Only an exact repetition of the lines from the one that holds "by apply: fam_ext => c;" to the end of the records is wanted.

╭─ Input material

Lemma decomp_inj n x1 x2 y o w : decomp n x1 y o w -> decomp n x2 y o w -> x1 = x2.
Proof.
move=> D1 [_ _ h2]; case: (D1) => _ _ h1.
exact: tiles_seq_unique (fun i => decomp_size_gt0 i D1) h1 h2.
Qed.

Lemma gprod_inX n (F : family n) x : inX x -> inX (gprod F x).
Proof.
by move=> /(decomp_exists n) [y [o [w /(gprod_decomp F)/decomp_inX]]].
Qed.

Lemma gprodM n (F G : family n) x : inX x -> gprod F (gprod G x) = gprod (fam_mul G F) x.
Proof.
move=> /(decomp_exists n) [y [o [w D]]].
apply: decomp_inj (gprod_decomp F (gprod_decomp G D)) _.
move: (gprod_decomp (fam_mul G F) D); congr decomp.
by apply: functional_extensionality => i; rewrite appM.
Qed.

Lemma gprod1 n x : inX x -> gprod (fam1 n) x = x.
Proof.
move=> /(decomp_exists n) [y [o [w D]]].
apply: decomp_inj (gprod_decomp (fam1 n) D) _.
by move: D; congr decomp; apply: functional_extensionality => i; rewrite app1.
Qed.

Lemma gprodK n (F : family n) x : inX x -> gprod (fam_inv F) (gprod F x) = x.
Proof.
move=> hx; rewrite gprodM // -[RHS](gprod1 n hx); congr gprod.
by apply: fam_ext => a; rewrite /fam_mul /fam_inv mulgV.
Qed.

Lemma gprodVK n (F : family n) x : inX x -> gprod F (gprod (fam_inv F) x) = x.
Proof.
move=> hx; rewrite gprodM // -[RHS](gprod1 n hx); congr gprod.
by apply: fam_ext => a; rewrite /fam_mul /fam_inv mulVg.
Qed.

(* Only letters occurring in [X_theta] matter: the maps [gprod F] ignore the
   other components of [F]. *)
Definition occurs (b : A) := exists2 y, inX y & y 0 = b.

Lemma occurs_inX y i : inX y -> occurs (y i).
Proof. by move=> hy; exists (offset y i); [exact: inX_offset | rewrite /offset add0r]. Qed.

Definition place_word m y W i := if i == 0 then W else head [::] (infl m (y i)).

Lemma decomp_place_word m y b W : inX y -> y 0 = b -> W \in infl m b ->
  exists x, decomp m x y 0 (place_word m y W) /\ covers0 m y 0.
Proof.
move=> hy hb hW.
have hin i : place_word m y W i \in infl m (y i).
  by rewrite /place_word; case: eqP => [->|_]; [rewrite hb | exact: infl_head].
have [x hx] := tiles_exists 0 (fun i => size_infl_gt0 (hin i)).
exists x; split; first by split.
by rewrite /covers0 lexx andbT; have := ilen_gt0 m (y 0); lia.
Qed.

Lemma gprod_faithful m (F G : family m) :
  eqX (gprod F) (gprod G) -> forall b, occurs b -> F b = G b.
Proof.
move=> E b [y hy hb]; apply: eq_app => W hW.
have [x [D N]] := decomp_place_word hy hb hW.
have DF := gprod_decomp F D; rewrite E in DF; last exact: decomp_inX D.
have [_ _ /(congr1 (fun f => f 0))] := covering_decomp_uniq DF N (gprod_decomp G D) N.
by rewrite /= /place_word eqxx hb.
Qed.

(** * Lifting families to the next level *)

Section Lift.
Variable n : nat.
Implicit Types (F G : family n) (b : A).

Definition lift_word F b W :=
  flatten [seq app (F q.1) q.2 | q <- zip (split_infl n b W).1 (split_infl n b W).2].

Lemma lift_word_in F b W : W \in infl n.+1 b -> lift_word F b W \in infl n.+1 b.
Proof.
move=> /split_inflP; rewrite /lift_word; case: (split_infl n b W) => v ws [/= hv hws _].
apply/mem_inflSl; exists (v, [seq app (F q.1) q.2 | q <- zip v ws]); split => //=.
elim: v ws hws {hv} => [|c v IH] [|w ws] //=.
by case/andP=> /(app_in (F c)) -> /IH.
Qed.

Lemma gprod_decompS F x y o W : decomp n.+1 x y o W ->
  decomp n.+1 (gprod F x) y o (fun i => lift_word F (y i) (W i)).
Proof.
move=> D; case: (D) => hy hW _.
have [u [B [DB [_ _ hcV] _ hB]]] := decomp_refine D.
have [_ _ hg] := gprod_decomp F DB.
have := tiles_group (fun i => startS (fun i => (split_infl n (y i) (W i)).1) 0 i) hg.
rewrite !start0 => hg2; split => // [i|]; first exact: lift_word_in.
move: hg2; congr tiles; apply: functional_extensionality => i.
rewrite /lift_word /group_blocks -(hB i) {2}(hcV i) zip_map -map_comp.
by congr flatten; apply/eq_in_map.
Qed.

Lemma lift_word_inj F b W1 W2 : occurs b -> W1 \in infl n.+1 b -> W2 \in infl n.+1 b ->
  lift_word F b W1 = lift_word F b W2 -> W1 = W2.
Proof.
move=> [y hy hb] h1 h2 e.
have [x1 [D1 _]] := decomp_place_word hy hb h1.
have [x2 [D2 _]] := decomp_place_word hy hb h2.
have ex : x1 = x2.
  rewrite -(gprodK F (decomp_inX D1)) -(gprodK F (decomp_inX D2)); congr gprod.
  apply: decomp_inj (gprod_decompS F D1) _; move: (gprod_decompS F D2); congr decomp.
  by apply: functional_extensionality => i; rewrite /place_word; case: eqP => // ->; rewrite hb e.
subst x2; case: D1 => _ _ c1; case: D2 => _ _ c2.
have /(congr1 (fun f => f 0)) : place_word n.+1 y W1 = place_word n.+1 y W2.
  apply: (tiles_blocks_unique c1 c2) => i; rewrite /place_word; case: eqP => // _.
  by rewrite (size_infl h1) (size_infl h2).
by rewrite /place_word eqxx.
Qed.

Definition lift_sub F b (s : seq_sub (infl n.+1 b)) : seq_sub (infl n.+1 b) :=
  Sub (lift_word F b (val s)) (lift_word_in F (ssvalP s)).
Arguments lift_sub F b s : clear implicits.

Lemma lift_sub_inj F b : occurs b -> injective (lift_sub F b).
Proof.
move=> hb s1 s2 /(congr1 val) /= e; apply: val_inj.
exact: lift_word_inj hb (ssvalP s1) (ssvalP s2) e.
Qed.

(* [lift_word F b] is only known to be injective when [b] occurs in [X_theta];
   on the other letters any permutation induces the same map. *)
Definition lift_fam F : family n.+1 := fun b =>
  match excluded_middle_informative (occurs b) with
  | left h => perm (@lift_sub_inj F b h)
  | right _ => 1%g
  end.

Lemma app_lift_fam F b W : occurs b -> W \in infl n.+1 b ->
  app (lift_fam F b) W = lift_word F b W.
Proof.
move=> hb hW; rewrite /lift_fam; case: excluded_middle_informative => [h|//].
by rewrite -[W]/(val (Sub W hW : seq_sub (infl n.+1 b))) app_val permE.
Qed.

Lemma lift_fam_out F b : ~ occurs b -> lift_fam F b = 1%g.
Proof. by move=> hb; rewrite /lift_fam; case: excluded_middle_informative. Qed.

Lemma gprod_lift_fam F : eqX (gprod (lift_fam F)) (gprod F).
Proof.
move=> x /(decomp_exists n.+1) [y [o [W D]]].
apply: decomp_inj (gprod_decomp (lift_fam F) D) _; move: (gprod_decompS F D).
congr decomp; apply: functional_extensionality => i; case: (D) => hy hW _.
by rewrite app_lift_fam //; exact: occurs_inX.
Qed.

Lemma lift_famM F G b : lift_fam (fam_mul F G) b = (lift_fam F b * lift_fam G b)%g.
Proof.
case: (classic (occurs b)) => hb; last by rewrite !lift_fam_out // mulg1.
apply: (gprod_faithful (G := fam_mul (lift_fam F) (lift_fam G))) hb => x hx.
rewrite gprod_lift_fam // -gprodM // -gprodM //.
by rewrite (gprod_lift_fam F hx) gprod_lift_fam //; exact: gprod_inX.
Qed.

Lemma lift_fam1 b : lift_fam (fam1 n) b = 1%g.
Proof.
case: (classic (occurs b)) => hb; last by rewrite !lift_fam_out.
apply: (gprod_faithful (G := fam1 n.+1)) hb => x hx.
by rewrite gprod_lift_fam // !gprod1.
Qed.

Definition fam_at a (s : {perm seq_sub (infl n a)}) : family n := dfwith (fam1 n) s.

Lemma fam_atM a (s t : {perm seq_sub (infl n a)}) :
  fam_at (s * t)%g = fam_mul (fam_at s) (fam_at t).
Proof.
apply: fam_ext => c; rewrite /fam_mul /fam_at.
by case: (eqVneq a c) => [<-|ne]; rewrite ?dfwith_in // !dfwith_out // /fam1 mulg1.
Qed.

(* [F] is the product of its components [fam_at (F a)], and [s |-> lift_fam
   (fam_at s) b] is a homomorphism between symmetric groups. *)
Lemma lift_fam_even F : fam_even F -> fam_even (lift_fam F).
Proof.
move=> HF b.
pose prod_at (l : seq A) := foldr (fun a acc => fam_mul (fam_at (F a)) acc) (fam1 n) l.
have prod_atE l : uniq l -> forall c, prod_at l c = if c \in l then F c else 1%g.
  elim: l => [|a l IH] //= /andP [ha hl] c; rewrite /fam_mul IH // /fam_at in_cons.
  case: (eqVneq c a) => [->|ne]; first by rewrite dfwith_in (negbTE ha) mulg1.
  by rewrite dfwith_out 1?eq_sym // /fam1 mul1g.
have -> : F = prod_at (enum A).
  by apply: fam_ext => c; rewrite prod_atE ?enum_uniq // mem_enum.
elim: (enum A) => [|a l IH] /=; first by rewrite lift_fam1 odd_perm1.
rewrite lift_famM odd_permM (negbTE IH) addbF.
apply: (morph_perm_even (phi := fun s => lift_fam (fam_at s) b)); last exact: HF.
by move=> s t; rewrite fam_atM lift_famM.
Qed.

End Lift.

(** * The groups A and Gamma *)

Lemma eqX_trans f g h : eqX f g -> eqX g h -> eqX f h.
Proof. by move=> H1 H2 x hx; rewrite H1 // H2. Qed.

Lemma eqX_sym f g : eqX f g -> eqX g f.
Proof. by move=> H x hx; rewrite H. Qed.

Lemma lift_family_le n m : (n <= m)%N -> forall F : family n,
  exists G : family m, eqX (gprod G) (gprod F) /\ (fam_even F -> fam_even G).
Proof.
elim: m => [|m IH] hnm F.
  move: F; have -> : n = 0%N by lia.
  by move=> F; exists F.
case: (eqVneq n m.+1) => [e|ne]; first by move: F; rewrite e => F; exists F.
have [G [eG evG]] := IH ltac:(lia) F; exists (lift_fam G); split.
  exact: eqX_trans (gprod_lift_fam G) eG.
by move=> /evG; exact: lift_fam_even.
Qed.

╰─

# Output below:
  by apply: fam_ext => c; rewrite prod_atE ?enum_uniq // mem_enum.
elim: (enum A) => [|a l IH] /=; first by rewrite lift_fam1 odd_perm1.
rewrite lift_famM odd_permM (negbTE IH) addbF.
apply: (morph_perm_even (phi := fun s => lift_fam (fam_at s) b)); last exact: HF.
by move=> s t; rewrite fam_atM lift_famM.
Qed.

End Lift.

(** * The groups A and Gamma *)

Lemma eqX_trans f g h : eqX f g -> eqX g h -> eqX f h.
Proof. by move=> H1 H2 x hx; rewrite H1 // H2. Qed.

Lemma eqX_sym f g : eqX f g -> eqX g f.
Proof. by move=> H x hx; rewrite H. Qed.

Lemma lift_family_le n m : (n <= m)%N -> forall F : family n,
  exists G : family m, eqX (gprod G) (gprod F) /\ (fam_even F -> fam_even G).
Proof.
elim: m => [|m IH] hnm F.
  move: F; have -> : n = 0%N by lia.
  by move=> F; exists F.
case: (eqVneq n m.+1) => [e|ne]; first by move: F; rewrite e => F; exists F.
have [G [eG evG]] := IH ltac:(lia) F; exists (lift_fam G); split.
  exact: eqX_trans (gprod_lift_fam G) eG.
by move=> /evG; exact: lift_fam_even.
Qed.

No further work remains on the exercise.